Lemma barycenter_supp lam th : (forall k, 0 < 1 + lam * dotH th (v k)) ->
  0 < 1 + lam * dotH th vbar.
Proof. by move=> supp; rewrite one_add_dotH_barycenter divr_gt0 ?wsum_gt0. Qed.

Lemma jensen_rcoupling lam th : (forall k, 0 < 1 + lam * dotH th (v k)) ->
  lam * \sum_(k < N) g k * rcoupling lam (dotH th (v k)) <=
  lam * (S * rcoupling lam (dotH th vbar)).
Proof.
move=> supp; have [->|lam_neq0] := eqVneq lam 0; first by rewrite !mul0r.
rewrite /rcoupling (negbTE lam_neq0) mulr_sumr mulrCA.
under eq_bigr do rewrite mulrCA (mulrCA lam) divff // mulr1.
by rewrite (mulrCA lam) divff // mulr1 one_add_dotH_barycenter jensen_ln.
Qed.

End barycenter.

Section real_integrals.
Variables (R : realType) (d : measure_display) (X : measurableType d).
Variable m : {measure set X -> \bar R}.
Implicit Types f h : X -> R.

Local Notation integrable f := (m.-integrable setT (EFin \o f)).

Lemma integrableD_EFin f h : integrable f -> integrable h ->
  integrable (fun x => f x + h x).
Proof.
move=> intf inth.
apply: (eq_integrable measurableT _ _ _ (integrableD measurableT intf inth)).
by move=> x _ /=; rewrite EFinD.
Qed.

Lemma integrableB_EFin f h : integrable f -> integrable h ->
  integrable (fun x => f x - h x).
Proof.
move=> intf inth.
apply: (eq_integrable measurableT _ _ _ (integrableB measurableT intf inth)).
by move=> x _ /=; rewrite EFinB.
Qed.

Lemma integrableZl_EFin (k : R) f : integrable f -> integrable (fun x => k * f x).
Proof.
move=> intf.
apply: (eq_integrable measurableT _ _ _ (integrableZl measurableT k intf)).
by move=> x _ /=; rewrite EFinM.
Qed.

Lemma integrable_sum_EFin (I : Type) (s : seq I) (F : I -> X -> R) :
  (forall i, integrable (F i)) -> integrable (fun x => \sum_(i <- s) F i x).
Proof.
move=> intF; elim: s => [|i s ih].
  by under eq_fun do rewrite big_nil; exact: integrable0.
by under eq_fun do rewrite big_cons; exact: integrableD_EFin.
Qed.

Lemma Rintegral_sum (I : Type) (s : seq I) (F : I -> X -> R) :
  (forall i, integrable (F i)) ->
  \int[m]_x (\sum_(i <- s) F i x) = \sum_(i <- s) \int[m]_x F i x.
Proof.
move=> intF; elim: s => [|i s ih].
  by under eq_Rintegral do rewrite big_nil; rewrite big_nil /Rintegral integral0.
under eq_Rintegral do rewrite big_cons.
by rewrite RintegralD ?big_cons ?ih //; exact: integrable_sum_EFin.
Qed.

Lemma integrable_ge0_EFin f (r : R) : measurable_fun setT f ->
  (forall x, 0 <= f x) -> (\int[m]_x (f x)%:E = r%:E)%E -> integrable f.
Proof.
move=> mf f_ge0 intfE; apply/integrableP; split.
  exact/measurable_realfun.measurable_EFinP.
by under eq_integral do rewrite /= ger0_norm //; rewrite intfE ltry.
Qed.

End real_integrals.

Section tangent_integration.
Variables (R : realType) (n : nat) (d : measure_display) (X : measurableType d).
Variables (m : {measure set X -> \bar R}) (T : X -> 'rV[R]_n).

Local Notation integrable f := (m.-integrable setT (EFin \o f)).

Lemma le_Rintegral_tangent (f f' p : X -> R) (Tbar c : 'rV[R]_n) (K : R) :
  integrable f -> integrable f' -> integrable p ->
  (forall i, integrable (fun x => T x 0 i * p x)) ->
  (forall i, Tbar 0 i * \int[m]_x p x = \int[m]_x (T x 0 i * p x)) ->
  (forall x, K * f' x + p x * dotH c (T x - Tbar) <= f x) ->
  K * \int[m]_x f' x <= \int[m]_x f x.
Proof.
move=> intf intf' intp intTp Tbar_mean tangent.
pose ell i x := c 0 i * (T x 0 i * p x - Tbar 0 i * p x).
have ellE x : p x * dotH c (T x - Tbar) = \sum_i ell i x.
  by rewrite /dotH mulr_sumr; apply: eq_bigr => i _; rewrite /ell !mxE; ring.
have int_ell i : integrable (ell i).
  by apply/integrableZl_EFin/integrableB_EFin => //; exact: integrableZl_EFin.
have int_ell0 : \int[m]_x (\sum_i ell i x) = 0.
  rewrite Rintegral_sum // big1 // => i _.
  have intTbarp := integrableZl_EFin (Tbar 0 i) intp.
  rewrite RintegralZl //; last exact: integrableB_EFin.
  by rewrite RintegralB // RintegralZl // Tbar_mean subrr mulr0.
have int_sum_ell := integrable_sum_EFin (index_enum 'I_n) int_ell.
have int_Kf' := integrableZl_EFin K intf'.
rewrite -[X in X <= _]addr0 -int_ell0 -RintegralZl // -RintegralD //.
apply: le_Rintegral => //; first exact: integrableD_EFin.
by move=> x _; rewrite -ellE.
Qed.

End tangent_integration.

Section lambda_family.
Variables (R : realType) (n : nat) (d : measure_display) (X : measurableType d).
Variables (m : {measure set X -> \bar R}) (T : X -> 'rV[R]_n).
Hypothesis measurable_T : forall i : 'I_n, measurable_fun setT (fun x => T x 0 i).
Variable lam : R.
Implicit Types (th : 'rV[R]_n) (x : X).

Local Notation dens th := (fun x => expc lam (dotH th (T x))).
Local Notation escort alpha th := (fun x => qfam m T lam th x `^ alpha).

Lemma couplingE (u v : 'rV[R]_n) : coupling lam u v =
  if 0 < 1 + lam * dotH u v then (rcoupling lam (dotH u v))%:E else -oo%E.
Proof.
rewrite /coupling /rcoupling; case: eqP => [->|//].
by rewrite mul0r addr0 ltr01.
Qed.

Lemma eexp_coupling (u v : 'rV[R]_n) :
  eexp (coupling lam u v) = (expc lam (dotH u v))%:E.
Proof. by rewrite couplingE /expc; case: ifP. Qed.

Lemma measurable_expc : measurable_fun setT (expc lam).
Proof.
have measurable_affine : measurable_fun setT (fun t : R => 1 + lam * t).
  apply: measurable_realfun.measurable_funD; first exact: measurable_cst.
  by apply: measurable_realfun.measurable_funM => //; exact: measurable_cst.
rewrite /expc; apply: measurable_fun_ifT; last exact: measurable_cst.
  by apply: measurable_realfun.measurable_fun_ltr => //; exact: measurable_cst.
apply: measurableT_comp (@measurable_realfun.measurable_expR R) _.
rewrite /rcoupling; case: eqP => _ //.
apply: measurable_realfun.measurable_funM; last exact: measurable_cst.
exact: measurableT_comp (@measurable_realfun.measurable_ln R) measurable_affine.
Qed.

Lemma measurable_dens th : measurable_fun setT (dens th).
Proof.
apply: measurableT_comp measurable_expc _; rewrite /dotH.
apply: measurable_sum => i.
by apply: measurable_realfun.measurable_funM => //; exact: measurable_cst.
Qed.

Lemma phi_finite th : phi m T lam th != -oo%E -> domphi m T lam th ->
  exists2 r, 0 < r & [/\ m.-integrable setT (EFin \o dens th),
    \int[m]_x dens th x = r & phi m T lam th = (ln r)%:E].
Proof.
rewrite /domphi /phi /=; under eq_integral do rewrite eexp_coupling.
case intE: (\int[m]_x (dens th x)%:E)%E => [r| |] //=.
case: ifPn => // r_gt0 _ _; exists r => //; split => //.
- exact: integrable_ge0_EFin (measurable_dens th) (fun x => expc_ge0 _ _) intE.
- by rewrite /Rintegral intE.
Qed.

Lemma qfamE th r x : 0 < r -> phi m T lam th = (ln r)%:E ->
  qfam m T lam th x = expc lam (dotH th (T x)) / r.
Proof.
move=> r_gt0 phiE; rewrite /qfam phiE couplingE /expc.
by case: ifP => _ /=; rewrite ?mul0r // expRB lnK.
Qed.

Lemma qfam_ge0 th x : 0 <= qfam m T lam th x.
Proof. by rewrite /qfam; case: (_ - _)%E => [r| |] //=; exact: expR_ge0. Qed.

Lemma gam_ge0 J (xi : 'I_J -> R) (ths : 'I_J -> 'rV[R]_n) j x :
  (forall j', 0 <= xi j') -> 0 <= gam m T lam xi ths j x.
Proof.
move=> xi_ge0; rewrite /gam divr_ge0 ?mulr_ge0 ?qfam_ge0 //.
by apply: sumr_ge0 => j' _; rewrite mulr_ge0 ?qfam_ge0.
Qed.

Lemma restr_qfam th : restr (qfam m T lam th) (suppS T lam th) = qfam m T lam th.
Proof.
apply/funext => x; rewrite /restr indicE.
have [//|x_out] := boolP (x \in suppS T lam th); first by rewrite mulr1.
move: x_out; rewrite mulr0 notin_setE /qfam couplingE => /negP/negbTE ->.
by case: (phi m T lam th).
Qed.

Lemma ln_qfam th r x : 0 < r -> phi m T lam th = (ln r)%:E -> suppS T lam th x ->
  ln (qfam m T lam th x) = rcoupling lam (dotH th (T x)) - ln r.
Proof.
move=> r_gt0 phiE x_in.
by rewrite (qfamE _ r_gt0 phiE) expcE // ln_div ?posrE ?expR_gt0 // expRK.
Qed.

==

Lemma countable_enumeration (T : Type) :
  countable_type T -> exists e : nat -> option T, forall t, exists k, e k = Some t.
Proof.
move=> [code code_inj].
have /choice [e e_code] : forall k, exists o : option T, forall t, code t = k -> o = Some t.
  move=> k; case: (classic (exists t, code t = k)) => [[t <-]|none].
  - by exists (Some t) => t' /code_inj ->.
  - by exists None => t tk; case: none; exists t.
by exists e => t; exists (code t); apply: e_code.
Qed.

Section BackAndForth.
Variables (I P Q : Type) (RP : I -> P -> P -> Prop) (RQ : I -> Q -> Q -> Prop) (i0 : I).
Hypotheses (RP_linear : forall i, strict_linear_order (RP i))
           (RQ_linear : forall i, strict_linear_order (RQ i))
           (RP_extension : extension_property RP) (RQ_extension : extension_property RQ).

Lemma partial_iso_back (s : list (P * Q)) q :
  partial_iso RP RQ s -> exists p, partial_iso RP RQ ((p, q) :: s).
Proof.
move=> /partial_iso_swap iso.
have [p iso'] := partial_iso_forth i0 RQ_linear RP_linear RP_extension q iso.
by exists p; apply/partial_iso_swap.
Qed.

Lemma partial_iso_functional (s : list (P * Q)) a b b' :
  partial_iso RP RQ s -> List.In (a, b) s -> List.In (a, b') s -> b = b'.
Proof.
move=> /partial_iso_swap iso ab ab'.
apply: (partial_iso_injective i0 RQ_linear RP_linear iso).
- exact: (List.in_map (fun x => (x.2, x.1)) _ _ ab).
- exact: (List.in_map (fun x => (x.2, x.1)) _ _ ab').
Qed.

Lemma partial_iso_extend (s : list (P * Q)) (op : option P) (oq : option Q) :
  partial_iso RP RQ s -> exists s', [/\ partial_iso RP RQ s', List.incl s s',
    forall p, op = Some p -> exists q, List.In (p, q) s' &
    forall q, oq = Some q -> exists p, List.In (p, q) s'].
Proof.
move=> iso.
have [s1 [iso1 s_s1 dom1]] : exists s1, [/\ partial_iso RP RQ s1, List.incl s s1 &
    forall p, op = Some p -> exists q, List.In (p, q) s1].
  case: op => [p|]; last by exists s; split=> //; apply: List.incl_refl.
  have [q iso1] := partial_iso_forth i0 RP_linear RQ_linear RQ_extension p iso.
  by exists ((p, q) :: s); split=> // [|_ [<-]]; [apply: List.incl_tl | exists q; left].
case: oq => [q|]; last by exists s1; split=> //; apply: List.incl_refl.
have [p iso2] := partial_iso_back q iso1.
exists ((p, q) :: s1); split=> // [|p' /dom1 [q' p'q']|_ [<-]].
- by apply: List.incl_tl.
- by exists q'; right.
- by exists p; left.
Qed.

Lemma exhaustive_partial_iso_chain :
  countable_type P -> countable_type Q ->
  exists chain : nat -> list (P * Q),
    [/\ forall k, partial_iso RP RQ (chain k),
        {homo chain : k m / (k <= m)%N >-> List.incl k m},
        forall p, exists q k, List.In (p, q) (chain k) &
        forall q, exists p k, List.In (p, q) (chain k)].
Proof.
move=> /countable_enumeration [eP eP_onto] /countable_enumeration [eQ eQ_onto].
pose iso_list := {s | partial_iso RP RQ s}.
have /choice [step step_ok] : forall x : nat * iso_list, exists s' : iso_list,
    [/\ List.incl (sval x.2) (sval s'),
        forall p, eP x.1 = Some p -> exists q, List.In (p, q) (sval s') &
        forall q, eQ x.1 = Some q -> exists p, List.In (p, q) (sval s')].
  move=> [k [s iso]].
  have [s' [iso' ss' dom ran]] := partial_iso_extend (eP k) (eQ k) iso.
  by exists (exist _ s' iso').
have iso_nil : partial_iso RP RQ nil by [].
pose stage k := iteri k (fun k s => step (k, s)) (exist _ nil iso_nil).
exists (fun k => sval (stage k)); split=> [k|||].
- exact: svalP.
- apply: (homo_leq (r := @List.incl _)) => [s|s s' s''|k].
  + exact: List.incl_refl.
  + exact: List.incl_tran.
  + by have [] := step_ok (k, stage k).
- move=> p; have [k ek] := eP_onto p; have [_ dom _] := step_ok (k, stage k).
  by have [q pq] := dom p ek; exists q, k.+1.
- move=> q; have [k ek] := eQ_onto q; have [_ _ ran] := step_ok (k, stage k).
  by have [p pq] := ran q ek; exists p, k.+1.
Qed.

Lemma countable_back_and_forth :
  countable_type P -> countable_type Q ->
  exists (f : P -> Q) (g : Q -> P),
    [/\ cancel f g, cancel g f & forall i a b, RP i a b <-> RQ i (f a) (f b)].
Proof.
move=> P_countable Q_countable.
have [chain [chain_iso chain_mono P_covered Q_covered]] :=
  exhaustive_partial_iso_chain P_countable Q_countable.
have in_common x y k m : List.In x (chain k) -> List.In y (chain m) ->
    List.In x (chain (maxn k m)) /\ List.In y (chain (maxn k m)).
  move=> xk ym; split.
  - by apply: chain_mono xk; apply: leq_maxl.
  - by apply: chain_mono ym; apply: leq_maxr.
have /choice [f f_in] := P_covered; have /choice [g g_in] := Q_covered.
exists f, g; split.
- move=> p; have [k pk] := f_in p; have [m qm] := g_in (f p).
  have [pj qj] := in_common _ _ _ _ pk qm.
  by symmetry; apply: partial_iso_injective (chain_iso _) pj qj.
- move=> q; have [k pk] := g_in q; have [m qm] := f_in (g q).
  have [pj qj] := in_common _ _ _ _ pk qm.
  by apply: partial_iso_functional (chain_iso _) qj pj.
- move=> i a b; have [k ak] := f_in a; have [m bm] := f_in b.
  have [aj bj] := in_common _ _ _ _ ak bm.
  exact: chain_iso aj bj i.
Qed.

--

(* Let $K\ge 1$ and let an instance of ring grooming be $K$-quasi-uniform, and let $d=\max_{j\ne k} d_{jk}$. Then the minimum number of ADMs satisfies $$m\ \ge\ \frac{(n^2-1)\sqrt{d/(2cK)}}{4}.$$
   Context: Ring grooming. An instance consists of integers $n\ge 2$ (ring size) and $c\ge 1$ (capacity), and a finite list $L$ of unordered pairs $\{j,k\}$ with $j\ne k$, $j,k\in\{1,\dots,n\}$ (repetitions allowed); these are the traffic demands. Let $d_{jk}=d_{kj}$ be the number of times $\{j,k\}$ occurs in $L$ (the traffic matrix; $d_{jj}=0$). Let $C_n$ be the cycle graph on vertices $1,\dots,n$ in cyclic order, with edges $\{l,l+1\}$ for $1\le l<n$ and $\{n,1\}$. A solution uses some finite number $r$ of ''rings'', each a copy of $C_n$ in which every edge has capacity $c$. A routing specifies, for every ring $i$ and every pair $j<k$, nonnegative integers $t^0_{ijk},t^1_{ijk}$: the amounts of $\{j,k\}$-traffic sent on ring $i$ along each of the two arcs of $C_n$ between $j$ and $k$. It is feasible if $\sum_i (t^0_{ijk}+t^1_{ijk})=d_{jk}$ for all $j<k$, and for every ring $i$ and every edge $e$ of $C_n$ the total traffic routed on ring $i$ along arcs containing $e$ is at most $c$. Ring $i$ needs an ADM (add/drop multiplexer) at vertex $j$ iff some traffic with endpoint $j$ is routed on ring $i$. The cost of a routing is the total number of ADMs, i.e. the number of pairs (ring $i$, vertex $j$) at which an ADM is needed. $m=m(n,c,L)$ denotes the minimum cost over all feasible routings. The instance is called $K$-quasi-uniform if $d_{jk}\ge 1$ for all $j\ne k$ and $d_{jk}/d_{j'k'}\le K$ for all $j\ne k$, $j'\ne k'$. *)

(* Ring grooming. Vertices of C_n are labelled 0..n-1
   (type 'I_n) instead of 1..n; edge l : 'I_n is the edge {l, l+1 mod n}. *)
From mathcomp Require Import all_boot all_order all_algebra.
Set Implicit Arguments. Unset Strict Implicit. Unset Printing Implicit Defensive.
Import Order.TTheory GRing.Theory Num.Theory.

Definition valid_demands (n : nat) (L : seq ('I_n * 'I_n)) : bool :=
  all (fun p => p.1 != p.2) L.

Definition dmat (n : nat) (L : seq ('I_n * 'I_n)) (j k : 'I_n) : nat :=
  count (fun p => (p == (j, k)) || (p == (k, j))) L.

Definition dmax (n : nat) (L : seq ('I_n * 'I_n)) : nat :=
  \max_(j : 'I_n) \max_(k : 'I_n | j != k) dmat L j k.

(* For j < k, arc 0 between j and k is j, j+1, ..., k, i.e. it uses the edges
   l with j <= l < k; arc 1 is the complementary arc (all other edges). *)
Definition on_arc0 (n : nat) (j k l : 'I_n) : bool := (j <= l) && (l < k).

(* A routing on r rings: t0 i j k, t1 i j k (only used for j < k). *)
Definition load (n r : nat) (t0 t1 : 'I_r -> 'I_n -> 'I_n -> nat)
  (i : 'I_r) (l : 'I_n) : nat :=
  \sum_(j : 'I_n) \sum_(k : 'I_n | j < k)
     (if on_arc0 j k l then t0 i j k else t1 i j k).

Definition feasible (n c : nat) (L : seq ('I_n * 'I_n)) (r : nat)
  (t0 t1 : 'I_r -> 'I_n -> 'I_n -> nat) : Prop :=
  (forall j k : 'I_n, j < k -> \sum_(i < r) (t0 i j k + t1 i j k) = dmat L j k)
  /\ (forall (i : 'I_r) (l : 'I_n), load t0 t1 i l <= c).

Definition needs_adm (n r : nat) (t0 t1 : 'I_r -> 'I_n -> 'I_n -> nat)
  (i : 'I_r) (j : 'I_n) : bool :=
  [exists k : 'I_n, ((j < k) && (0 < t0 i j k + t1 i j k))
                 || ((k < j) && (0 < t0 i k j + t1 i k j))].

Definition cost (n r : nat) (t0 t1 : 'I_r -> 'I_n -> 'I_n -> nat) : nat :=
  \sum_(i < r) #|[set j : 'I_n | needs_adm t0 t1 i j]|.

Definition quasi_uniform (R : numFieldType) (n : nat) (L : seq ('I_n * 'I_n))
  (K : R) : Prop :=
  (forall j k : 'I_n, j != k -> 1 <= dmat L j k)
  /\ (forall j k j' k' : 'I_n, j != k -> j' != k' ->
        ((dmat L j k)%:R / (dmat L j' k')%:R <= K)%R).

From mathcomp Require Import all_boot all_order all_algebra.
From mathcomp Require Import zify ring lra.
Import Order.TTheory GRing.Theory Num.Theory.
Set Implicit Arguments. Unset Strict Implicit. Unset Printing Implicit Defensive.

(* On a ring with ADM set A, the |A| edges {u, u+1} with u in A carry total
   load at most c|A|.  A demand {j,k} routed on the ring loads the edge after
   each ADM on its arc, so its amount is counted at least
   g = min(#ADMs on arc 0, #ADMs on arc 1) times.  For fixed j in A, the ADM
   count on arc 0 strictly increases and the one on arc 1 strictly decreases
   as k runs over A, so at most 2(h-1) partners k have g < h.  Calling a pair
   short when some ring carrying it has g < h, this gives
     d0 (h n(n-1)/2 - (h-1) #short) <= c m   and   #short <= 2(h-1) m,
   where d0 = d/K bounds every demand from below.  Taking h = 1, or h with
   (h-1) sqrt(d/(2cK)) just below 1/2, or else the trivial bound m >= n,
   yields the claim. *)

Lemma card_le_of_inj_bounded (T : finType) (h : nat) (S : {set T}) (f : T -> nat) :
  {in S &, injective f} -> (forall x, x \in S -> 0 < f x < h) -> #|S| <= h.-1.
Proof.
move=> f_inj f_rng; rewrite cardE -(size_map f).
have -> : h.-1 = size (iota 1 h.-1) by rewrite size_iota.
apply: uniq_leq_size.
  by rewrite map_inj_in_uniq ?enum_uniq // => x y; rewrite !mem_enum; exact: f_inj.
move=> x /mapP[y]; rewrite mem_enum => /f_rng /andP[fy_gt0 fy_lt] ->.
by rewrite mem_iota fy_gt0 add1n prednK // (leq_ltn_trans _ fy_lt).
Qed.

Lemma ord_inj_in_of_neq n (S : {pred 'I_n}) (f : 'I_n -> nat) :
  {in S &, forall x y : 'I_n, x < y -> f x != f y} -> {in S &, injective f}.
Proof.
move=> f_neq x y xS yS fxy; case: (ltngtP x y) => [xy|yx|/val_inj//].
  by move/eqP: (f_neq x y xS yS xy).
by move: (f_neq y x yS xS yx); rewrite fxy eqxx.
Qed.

→ Work instruction
Using the data above, repeat exactly the lines that begin at the line with "Definition quasi_uniform (R" and end at the line with "as k runs over", both ends included.

→ Solution to this exercise
Definition quasi_uniform (R : numFieldType) (n : nat) (L : seq ('I_n * 'I_n))
  (K : R) : Prop :=
  (forall j k : 'I_n, j != k -> 1 <= dmat L j k)
  /\ (forall j k j' k' : 'I_n, j != k -> j' != k' ->
        ((dmat L j k)%:R / (dmat L j' k')%:R <= K)%R).

From mathcomp Require Import all_boot all_order all_algebra.
From mathcomp Require Import zify ring lra.
Import Order.TTheory GRing.Theory Num.Theory.
Set Implicit Arguments. Unset Strict Implicit. Unset Printing Implicit Defensive.

(* On a ring with ADM set A, the |A| edges {u, u+1} with u in A carry total
   load at most c|A|.  A demand {j,k} routed on the ring loads the edge after
   each ADM on its arc, so its amount is counted at least
   g = min(#ADMs on arc 0, #ADMs on arc 1) times.  For fixed j in A, the ADM
   count on arc 0 strictly increases and the one on arc 1 strictly decreases
   as k runs over A, so at most 2(h-1) partners k have g < h.  Calling a pair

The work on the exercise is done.